Become Whom God Intended You To Be



“A man returned to work in a place from which he had been fired several months previously. A fellow worker remembered how inconsistent he had been in the past but now his work was superior so he asked him, "What happened to make such a difference in you?" The man told this story. In college, initiation into our fraternity required new members to stand in the middle of a long stretch of country road whilst a car drove straight at them. Their challenge was to stand firm until a signal was given to jump out of the way. One dark night I was driving and when the signal was given everyone jumped clear-- except one boy. I left college after that, later married, and had two children but the look on that boy's face as I passed over him stayed in my mind and I became hopelessly inconsistent, moody, and finally a problem drinker. My wife had to work to bring in the only income we had. I was drinking at home one morning when someone rang the doorbell and when I opened the door a woman who seemed strangely familiar stood before me. She explained that she was the mother of the boy I had killed years before and that since that day had hated me and spent agonizing nights rehearsing ways to get revenge. Then she told me of the love and forgiveness that had come when she gave her heart to Jesus Christ. She said, "I have come to let you know that I forgive you and I want you to forgive me." I looked into her eyes that morning and I saw deep in them the permission to be the kind of man I might have been had I not killed that boy. That forgiveness changed my whole life.”

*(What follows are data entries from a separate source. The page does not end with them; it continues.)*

Lemma closed_classes_disjoint (G : Type) (enumG : list G) theta P (i1 i2 x : G) :
  ~ intercomm G enumG theta P i1 i2 -> closed_class G enumG theta P i1 ->
  intercomm G enumG theta P i1 x -> intercomm G enumG theta P i2 x -> False.
Proof. intros Hn Hc1 H1 [<-|[_ H2]]; apply Hn; [exact H1 | exact (Hc1 x i2 H1 H2)]. Qed.

(** * The chain started from a frozen past *)

Section Process.
Variables (G : Type) (enumG : list G).
Hypothesis enumG_nodup : NoDup enumG.
Hypothesis enumG_full : forall x : G, In x enumG.
Variables (theta : nat -> R) (P : nat -> G -> G -> R).
Hypothesis theta0 : theta 0%nat = 0.
Hypothesis theta_nonneg : forall k, 0 <= theta k.
Hypothesis theta_sum : infinite_sum theta 1.
Hypothesis P_stochastic : forall k, inA theta k -> stochastic G enumG (P k).

Notation wds := (words G enumG).

Lemma fsum_enum_delta a f : fsum enumG (fun b => delta a b * f b) = f a.
Proof. now apply fsum_delta. Qed.

Lemma fsum_enum_delta_swap {A : Type} (l : list A) (s : A -> G) (f : G -> R) (z : A -> R) :
  fsum enumG (fun h => f h * fsum l (fun y => delta (s y) h * z y)) =
  fsum l (fun y => z y * f (s y)).
Proof.
  rewrite (fsum_ext _ _ (fun h => fsum l (fun y => delta (s y) h * (z y * f h))))
    by (intros h _; rewrite <- fsum_scal; apply fsum_ext; intros; ring).
  rewrite fsum_swap. apply fsum_ext; intros y _. apply fsum_enum_delta.
Qed.

Lemma words_length L y : In y (wds L) -> length y = L.
Proof.
  induction L as [|L IH] in y |- *; simpl; intros H.
  - now destruct H as [<-|[]].
  - apply in_flat_map in H as [g [_ H]]. apply in_map_iff in H as [y' [<- H]].
    simpl. now rewrite IH.
Qed.

Lemma words_In y : In y (wds (length y)).
Proof. induction y; simpl; auto. apply in_flat_map. exists a; split; auto using in_map. Qed.

Lemma fsum_words_S L f :
  fsum (wds (S L)) f = fsum enumG (fun g => fsum (wds L) (fun y => f (g :: y))).
Proof. simpl words. rewrite fsum_flat_map. apply fsum_ext; intros; apply fsum_map. Qed.

Lemma fsum_words_snoc L f :
  fsum (wds (S L)) f = fsum enumG (fun g => fsum (wds L) (fun y => f (y ++ [g]))).
Proof.
  induction L as [|L IH] in f |- *; rewrite fsum_words_S; [reflexivity|].
  rewrite (fsum_ext _ _ (fun g =>
             fsum enumG (fun g' => fsum (wds L) (fun y => f (g :: y ++ [g'])))))
    by (intros g _; apply IH).
  rewrite fsum_swap. apply fsum_ext. intros g' _. now rewrite fsum_words_S.
Qed.

Definition tail (M : nat) : R := 1 - sum_f_R0 theta M.

Lemma tail_nonneg M : 0 <= tail M.
Proof.
  unfold tail. enough (sum_f_R0 theta M <= 1) by lra.
  apply (growing_ineq (sum_f_R0 theta)); [|exact theta_sum].
  intros n; simpl. specialize (theta_nonneg (S n)); lra.
Qed.

Lemma P_bounds k x g : 0 < theta k -> 0 <= P k x g <= 1.
Proof.
  intros Hk. destruct (P_stochastic k Hk) as [Hnn Hsum]. split; auto.
  rewrite <- (Hsum x). apply fsum_term_le; auto.
Qed.

Lemma weighted_P_bounds k x g : 0 <= theta k * P k x g <= theta k.
Proof.
  destruct (theta_nonneg k) as [Hk|Hk]; [|rewrite <- Hk; lra].
  generalize (P_bounds k x g Hk). nra.
Qed.

Lemma fsum_weighted_P k x : fsum enumG (fun g => theta k * P k x g) = theta k.
Proof.
  rewrite fsum_scal. destruct (theta_nonneg k) as [Hk|Hk]; [|rewrite <- Hk; lra].
  destruct (P_stochastic k Hk) as [_ ->]. lra.
Qed.

Variable i0 : G.

(* A path [y] lists the states at times [0, 1, ..., length y - 1]; every other
   time, in particular every negative one, holds the boundary state [i0]. *)
Definition state_at (y : list G) (t : Z) : G :=
  if (t <? 0)%Z then i0 else nth (Z.to_nat t) y i0.

Fixpoint window_ind (y : list G) (t : Z) (w : list G) : R :=
  match w with
  | [] => 1
  | a :: w' => delta (state_at y t) a * window_ind y (t + 1) w'
  end.

(* The lags [k] reaching before time [0] have their weight [tail] sent to [i0]
   itself rather than through [P k i0]; this keeps the process inside every
   closed set containing [i0]. *)
Definition step_prob (y : list G) (g : G) : R :=
  sum_f_R0 (fun k => theta k * P k (state_at y (Z.of_nat (length y) - Z.of_nat k)) g)
    (length y)
  + tail (length y) * delta i0 g.

Fixpoint rev_path_prob (ry : list G) : R :=
  match ry with
  | [] => 1
  | g :: ry' => rev_path_prob ry' * step_prob (rev ry') g
  end.

Definition path_prob (y : list G) : R := rev_path_prob (rev y).

Lemma path_prob_snoc y g : path_prob (y ++ [g]) = path_prob y * step_prob y g.
Proof. unfold path_prob. rewrite rev_unit. simpl. now rewrite rev_involutive. Qed.

Lemma step_prob_nonneg y g : 0 <= step_prob y g.
Proof.
  apply Rplus_le_le_0_compat.
  - apply cond_pos_sum; intros; apply weighted_P_bounds.
  - apply Rmult_le_pos; [apply tail_nonneg|apply delta_bounds].
Qed.

Lemma fsum_step_prob y : fsum enumG (step_prob y) = 1.
Proof.
  unfold step_prob. rewrite fsum_plus, fsum_scal, <- fsum_sum_f_R0.
  rewrite (sum_eq _ theta) by (intros; apply fsum_weighted_P).
  rewrite (fsum_ext _ _ (fun g => delta i0 g * 1)) by (intros; ring).
  rewrite fsum_enum_delta. unfold tail; ring.
Qed.

Lemma path_prob_nonneg y : 0 <= path_prob y.
Proof.
  induction y using rev_ind; [unfold path_prob; simpl; lra|].
  rewrite path_prob_snoc. apply Rmult_le_pos; auto using step_prob_nonneg.
Qed.

Lemma fsum_path_prob_snoc T h :
  (forall y g, length y = T -> h (y ++ [g]) = h y) ->
  fsum (wds (S T)) (fun y => path_prob y * h y) = fsum (wds T) (fun y => path_prob y * h y).
Proof.
  intros Hh. rewrite fsum_words_snoc, fsum_swap. apply fsum_ext; intros y Hy.
  rewrite (fsum_ext _ _ (fun g => path_prob y * h y * step_prob y g)).
  - now rewrite fsum_scal, fsum_step_prob, Rmult_1_r.
  - intros g _. rewrite path_prob_snoc, Hh by (now apply words_length). ring.
Qed.
Definition iso_ext_res (V : vectType R) (xi : V) (eta : V -> R)
  (p : (R^o * subvs_of (ker_form eta))%type) : V := p.1 *: xi + vsval p.2.
Definition iso_H_ker (H : vectType R) (x : H)
  : subvs_of (ker_form (@ext_eta H)) := vsproj (ker_form (@ext_eta H)) (0, x).

End LieDefs.

Arguments wedge_top {R V} n eta om x.
Arguments almost_alpha_coKahler {R V} n alpha br phi xi eta g.
Arguments alpha_coKahler {R V} n alpha br phi xi eta g.
Arguments ker_form {R V} eta.
Arguments res_br {R V} eta br x y.
Arguments res_J {R V} eta phi x.
Arguments res_h {R V} eta g x y.
Arguments res_D {R V} eta br xi x.
Arguments ext_br {R H} brH D p q.
Arguments ext_phi {R H} J p.
Arguments ext_xi {R H}.
Arguments ext_eta {R H} p.
Arguments ext_g {R H} h p q.
Arguments coK_iso {R V1 V2} br1 phi1 xi1 eta1 g1 br2 phi2 xi2 eta2 g2 f.
Arguments kahler_der_iso {R H1 H2} br1 J1 h1 D1 br2 J2 h2 D2 f.
Arguments iso_ext_res {R V} xi eta p.
Arguments iso_H_ker {R H} x.
Arguments vdim {R} V.

From HB Require Import structures.
From mathcomp Require Import all_boot all_order all_algebra fingroup perm.
From mathcomp Require Import reals.
From mathcomp Require Import zify ring lra.
Set Implicit Arguments. Unset Strict Implicit. Unset Printing Implicit Defensive.
Import Order.TTheory GRing.Theory Num.Theory.
Local Open Scope ring_scope.

(* For an alpha-coKahler algebra, d eta = 0 says that ker eta contains all brackets, so
   it is an ideal, ad_xi restricts to a derivation D of it (Jacobi), and phi, g restrict
   to an almost Hermitian structure (J, h) on it. Evaluated on ker eta, the equations
   d Phi = 2 alpha eta /\ Phi and N_phi = 0 say that (J, h) is Kahler; evaluated on
   (xi, x, y) they say that D + alpha I is infinitesimal symplectic and that DJ = JD.
   Conversely, these identities are exactly what makes the semidirect product R xi |x_D h
   alpha-coKahler, and the two constructions are inverse to each other up to the
   canonical maps. The one non-algebraic condition is eta /\ Phi^n <> 0. Evaluate it on
   xi, u_1, J u_1, ..., u_n, J u_n, where the u_i are nonzero and each u_i is orthogonal
   to u_j and J u_j for j <> i: a permutation contributes only if it fixes xi and permutes
   the pairs {u_i, J u_i}; every such permutation is a product of swaps inside a pair and
   swaps of two pairs, which do not change its term, so all nonzero terms equal the term
   of the identity, the product of the - h(u_i, u_i). *)

(** * Linear algebra *)

Section LinearMaps.
Variable R : realType.

Section LinMap.
Variables (U W : lmodType R) (f : U -> W).
Hypothesis f_lin : lin_map f.

Lemma lin_mapD x y : f (x + y) = f x + f y.
Proof. by have := f_lin 1 x y; rewrite !scale1r. Qed.
Lemma lin_map0 : f 0 = 0.
Proof. by apply: (addrI (f 0)); rewrite -lin_mapD !addr0. Qed.
Lemma lin_mapZ a x : f (a *: x) = a *: f x.
Proof. by have := f_lin a x 0; rewrite !addr0 lin_map0 addr0. Qed.
Lemma lin_mapN x : f (- x) = - f x.
Proof. by rewrite -scaleN1r lin_mapZ scaleN1r. Qed.
Lemma lin_mapB x y : f (x - y) = f x - f y.
Proof. by rewrite lin_mapD lin_mapN. Qed.
End LinMap.

Section LinForm.
Variables (V : vectType R) (f : V -> R).
Hypothesis f_lin : lin_form f.
(* There is an absolute constant $A \geq 1$ such that the following holds. Let $L = \{(ay+b,y,\tfrac{1}{2}by+c) : y \in \mathbb{R}\}$ with $a,b,c \in \mathbb{R}$ be a horizontal line, and define $i_{L}(x,y,t) := (ay+b,y,\tfrac{1}{2}by+c)$. Then $$d((x,y,t),i_{L}(x,y,t)) \leq A(1+|a|)\operatorname{dist}((x,y,t),L), \qquad (x,y,t) \in \mathbb{H}.$$
   Context: $\mathbb{H}$ is $\mathbb{R}^{3}$ with group law $(x_{1},y_{1},t_{1}) \cdot (x_{2},y_{2},t_{2}) = (x_{1}+x_{2},y_{1}+y_{2},t_{1}+t_{2}+\tfrac{1}{2}(x_{1}y_{2}-x_{2}y_{1}))$ and metric $d(p,q) = \|q^{-1}\cdot p\|$ with $\|(x,y,t)\| = \max\{\sqrt{x^{2}+y^{2}},\sqrt{|t|}\}$; $\operatorname{dist}$ is w.r.t. $d$. *)

From Stdlib Require Import Reals.
From Coquelicot Require Import Coquelicot.
Open Scope R_scope.

Definition H := (R * R * R)%type.

Definition hx (p : H) : R := fst (fst p).
Definition hy (p : H) : R := snd (fst p).
Definition ht (p : H) : R := snd p.

Definition hmul (p q : H) : H :=
  (hx p + hx q, hy p + hy q,
   ht p + ht q + / 2 * (hx p * hy q - hx q * hy p)).

Definition hinv (p : H) : H := (- hx p, - hy p, - ht p).

Definition hnorm (p : H) : R :=
  Rmax (sqrt (hx p ^ 2 + hy p ^ 2)) (sqrt (Rabs (ht p))).

Definition hdist (p q : H) : R := hnorm (hmul (hinv q) p).

Definition line_pt (a b c y : R) : H := (a * y + b, y, / 2 * b * y + c).

Definition hline (a b c : R) (q : H) : Prop := exists y : R, q = line_pt a b c y.

Definition hdist_set (p : H) (S : H -> Prop) : R :=
  real (Glb_Rbar (fun r => exists q, S q /\ r = hdist p q)).

Definition iL (a b c : R) (p : H) : H := line_pt a b c (hy p).

(* Horizontal lines are left cosets of horizontal subgroups: for [q] on [L]
   and [g = q^{-1} p] with [y]-coordinate [h], one has [i_L(p) = q (a h, h, 0)],
   hence [i_L(p)^{-1} p = (-a h, -h, 0) g].  This left multiplication kills the
   [y]-coordinate, moves [x] by [a h] and [t] by [h X / 2] (with [X] the new
   [x]-coordinate), so it enlarges the norm by at most [2 (1 + |a|)].  Thus
   [A = 2] works after taking the infimum over [q]. *)

From Stdlib Require Import Reals Lra Psatz.
From Coquelicot Require Import Coquelicot.
Open Scope R_scope.

Lemma hnorm_ge0 (g : H) : 0 <= hnorm g.
Proof. eapply Rle_trans; [apply sqrt_pos | apply Rmax_r]. Qed.

Lemma Rabs_hx_le_hnorm (g : H) : Rabs (hx g) <= hnorm g.
Proof.
  eapply Rle_trans; [| apply Rmax_l].
  eapply Rle_trans; [apply Rmax_l | apply sqrt_plus_sqr].
Qed.

Lemma Rabs_hy_le_hnorm (g : H) : Rabs (hy g) <= hnorm g.
Proof.
  eapply Rle_trans; [| apply Rmax_l].
  eapply Rle_trans; [apply Rmax_r | apply sqrt_plus_sqr].
Qed.

Lemma Rabs_ht_le_hnorm_sqr (g : H) : Rabs (ht g) <= hnorm g * hnorm g.
Proof.
  rewrite <- (sqrt_sqrt (Rabs (ht g))) by apply Rabs_pos.
  assert (Ht : sqrt (Rabs (ht g)) <= hnorm g) by apply Rmax_r.
  pose proof (sqrt_pos (Rabs (ht g))).
  nra.
Qed.

Lemma hnorm_le (g : H) (M : R) :
  0 <= M -> hx g ^ 2 + hy g ^ 2 <= M * M -> Rabs (ht g) <= M * M ->
  hnorm g <= M.
Proof.
  intros HM Hxy Ht.
  apply Rmax_lub; rewrite <- (sqrt_square M) by exact HM;
    apply sqrt_le_1_alt; assumption.
Qed.

Lemma hmul_hinv_iL (a b c s : R) (p : H) :
  let g := hmul (hinv (line_pt a b c s)) p in
  hmul (hinv (iL a b c p)) p = hmul (- (a * hy g), - hy g, 0) g.
Proof.
  destruct p as [[x y] t].
  unfold hmul, hinv, iL, line_pt, hx, hy, ht; simpl.
  f_equal; [f_equal |]; field.
Qed.

Lemma hnorm_hmul_horizontal_shear (a : R) (g : H) :
  hnorm (hmul (- (a * hy g), - hy g, 0) g) <= 2 * (1 + Rabs a) * hnorm g.
Proof.
  assert (HD := hnorm_ge0 g).
  assert (Hx := Rabs_hx_le_hnorm g).
  assert (Hy := Rabs_hy_le_hnorm g).
  assert (Ht := Rabs_ht_le_hnorm_sqr g).
  set (D := hnorm g) in *.
  destruct g as [[x y] t]; cbn [hx hy ht fst snd] in *.
  set (X := x - a * y).
  assert (Ha := Rabs_pos a).
  assert (HX : Rabs X <= (1 + Rabs a) * D).
  { unfold X. eapply Rle_trans; [apply Rabs_triang |].
    rewrite Rabs_Ropp, Rabs_mult.
    assert (Rabs a * Rabs y <= Rabs a * D) by (apply Rmult_le_compat_l; lra).
    lra. }
  assert (HyX : Rabs y * Rabs X <= D * ((1 + Rabs a) * D)).
  { apply Rmult_le_compat; try apply Rabs_pos; lra. }
  assert (HX0 := Rabs_pos X).
  apply hnorm_le; cbn [hmul hx hy ht fst snd].
  - nra.
  - replace (- (a * y) + x) with X by (unfold X; ring).
    replace (X ^ 2) with (Rsqr (Rabs X)) by (rewrite <- Rsqr_abs; unfold Rsqr; ring).
    replace (- y + y) with 0 by ring.
    unfold Rsqr. nra.
  - replace (0 + t + / 2 * (- (a * y) * y - x * - y))
      with (t + / 2 * (y * X)) by (unfold X; ring).
    eapply Rle_trans; [apply Rabs_triang |].
    rewrite Rabs_mult, Rabs_mult, Rabs_inv, (Rabs_right 2) by lra.
    nra.
Qed.

Lemma hdist_iL_le (a b c s : R) (p : H) :
  hdist p (iL a b c p) <= 2 * (1 + Rabs a) * hdist p (line_pt a b c s).
Proof.
  unfold hdist. rewrite (hmul_hinv_iL a b c s).
  apply hnorm_hmul_horizontal_shear.
Qed.

Lemma hdist_set_ge (p : H) (S : H -> Prop) (m : R) :
  (exists q, S q) -> (forall q, S q -> m <= hdist p q) -> m <= hdist_set p S.
Proof.
  intros [q0 Hq0] Hm. unfold hdist_set.
  set (E := fun r => exists q, S q /\ r = hdist p q).
  destruct (Glb_Rbar_correct E) as [Hlb Hglb].
  assert (Hm_lb : is_lb_Rbar E m).
  { intros r [q [Hq ->]]. exact (Hm q Hq). }
  specialize (Hglb m Hm_lb).
  specialize (Hlb (hdist p q0) (ex_intro _ q0 (conj Hq0 eq_refl))).
  destruct (Glb_Rbar E); simpl in *; easy.
Qed.

Theorem lemma4p12 :
  exists A : R, 1 <= A /\
    forall (a b c : R) (p : H),
      hdist p (iL a b c p) <= A * (1 + Rabs a) * hdist_set p (hline a b c).
Proof.
  exists 2. split; [lra |]. intros a b c p.
  assert (Hk : 2 * (1 + Rabs a) > 0) by (pose proof (Rabs_pos a); lra).
  rewrite (Rmult_comm (2 * (1 + Rabs a))), <- Rle_div_l by exact Hk.
  apply hdist_set_ge.
  - exists (line_pt a b c 0). now exists 0.
  - intros q [s ->]. apply Rle_div_l; [exact Hk |].
    rewrite Rmult_comm. apply hdist_iL_le.
Qed.
Lemma connected_neighbor : connected_graph e -> 1 < #|V| -> forall x, exists y, e x y.
Proof.
move=> e_conn /card_gt1P [a [b [_ _ ab]]] x.
have [x' x'x] : exists x', x' != x.
  by case: (eqVneq a x) => [<-|ax]; [exists b; rewrite eq_sym | exists a].
case/connectP: (e_conn x x') => [[|y p]] /= => [_ x'E|/andP [xy _] _]; last by exists y.
by rewrite x'E eqxx in x'x.
Qed.

Lemma longest_path_size s : connected_graph e -> irreflexive e -> 1 < #|V| ->
  longest_path e s -> 1 < size s.
Proof.
move=> e_conn e_irr V_gt1 [_ max_s]; have [a [_ [_ _ _]]] := card_gt1P V_gt1.
have [b ab] := connected_neighbor e_conn V_gt1 a.
apply: leq_trans (max_s [:: a; b] _) => //=; rewrite ab inE !andbT.
by apply: contraTneq ab => ->; rewrite e_irr.
Qed.

Section Outside.
Variables A B : pred V.
Hypothesis AB_disj : forall z, z \in A -> z \notin B.
Let outside z := (z \notin A) && (z \notin B).

Lemma walk_bridge x w : x \in A -> path e x w -> last x w \in B ->
  exists a M b, [/\ a \in A, b \in B, path e a (rcons M b) & all outside M].
Proof.
move=> xA; suff walk_from a M : a \in A -> all outside M -> path e a M ->
    path e (last a M) w -> last (last a M) w \in B ->
    exists a M b, [/\ a \in A, b \in B, path e a (rcons M b) & all outside M].
  exact: (walk_from x [::]).
elim: w a M => [|y w IH] a M aA outM aM /=.
  move=> _ lastB; have := mem_last a M; rewrite inE => /orP [/eqP lastE|lastM].
    by move: (AB_disj aA); rewrite -lastE lastB.
  by move/allP: outM => /(_ _ lastM) /andP [_]; rewrite lastB.
case/andP=> xy yw yB; case yB': (y \in B).
  by exists a, M, y; rewrite rcons_path aM xy.
case yA: (y \in A); first exact: (IH y [::]).
apply: (IH a (rcons M y)); rewrite ?last_rcons //.
  by rewrite all_rcons /outside yA yB' outM.
by rewrite rcons_path aM xy.
Qed.

Lemma gpath_bridge x y : x \in A -> y \in B -> connect e x y ->
  exists a M b, [/\ a \in A, b \in B, gpath e (a :: rcons M b) & all outside M].
Proof.
move=> xA yB /connectP [w xw yE]; rewrite yE in yB.
have [a [M [b [aA bB aMb outM]]]] := walk_bridge xA xw yB.
case: (shortenP aMb) (last_rcons a M b) => p ap up sub_p.
case/lastP: p ap up sub_p => [|M' b'] ap up sub_p.
  by move=> /= ab; move: (AB_disj aA); rewrite ab bB.
rewrite last_rcons => b'E; subst b'.
exists a, M', b; split; rewrite //= ?ap ?up //; apply/allP => z zM'.
have := sub_p z; rewrite !mem_rcons !inE zM' orbT => /(_ isT) /orP [/eqP zb|].
  by move: up; rewrite /= rcons_uniq -zb zM' andbF.
by move/(allP outM).
Qed.

End Outside.

Hypothesis e_sym : symmetric e.

Lemma gpath_rev s : gpath e (rev s) = gpath e s.
Proof.
rewrite !gpathE -!size_eq0 size_rev rev_uniq rev_sorted; congr [&& _, _ & _].
by case: s => //= x s; apply: eq_path => y z; exact: e_sym.
Qed.

Lemma gpath_split s1 a s2 :
  gpath e (s1 ++ a :: s2) -> gpath e (rcons s1 a) /\ gpath e (a :: s2).
Proof.
rewrite !gpathE sorted_cat_cons -cat_rcons cat_uniq => /and3P [_ /andP [-> a_s2]].
case/and3P=> -> disj us2 /=; rewrite a_s2 us2 -size_eq0 size_rcons !andbT; split=> //.
by apply: contra disj => a_s2'; apply/hasP; exists a; rewrite // mem_rcons mem_head.
Qed.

The relationship between man & God was broken by sin and could only be restored through forgiveness. God offered his gift of forgiveness in the person of his son Jesus who was born on the first Christmas morning. 

That first Christmas morning, God gave the world the best he had to meet our greatest need – forgiveness – the permission to be the kind of person God intended us to be.

"If our greatest need had been information, God would have sent us an educator. If our greatest need had been technology, God would have sent us a scientist. If our greatest need had been money, God would have sent us an economist, but since our greatest need was forgiveness, God sent us a Saviour."

“If we confess our sins, he is faithful and just and will forgive us our sins and purify us from all unrighteousness.”                                                (1 John 1:9)

Whatever your year has been like, whatever may unfold in the coming year for you, remember this unchanging truth, forgiveness, from God to you or from you to others, gives you the permission to be the kind of person God intended you to be.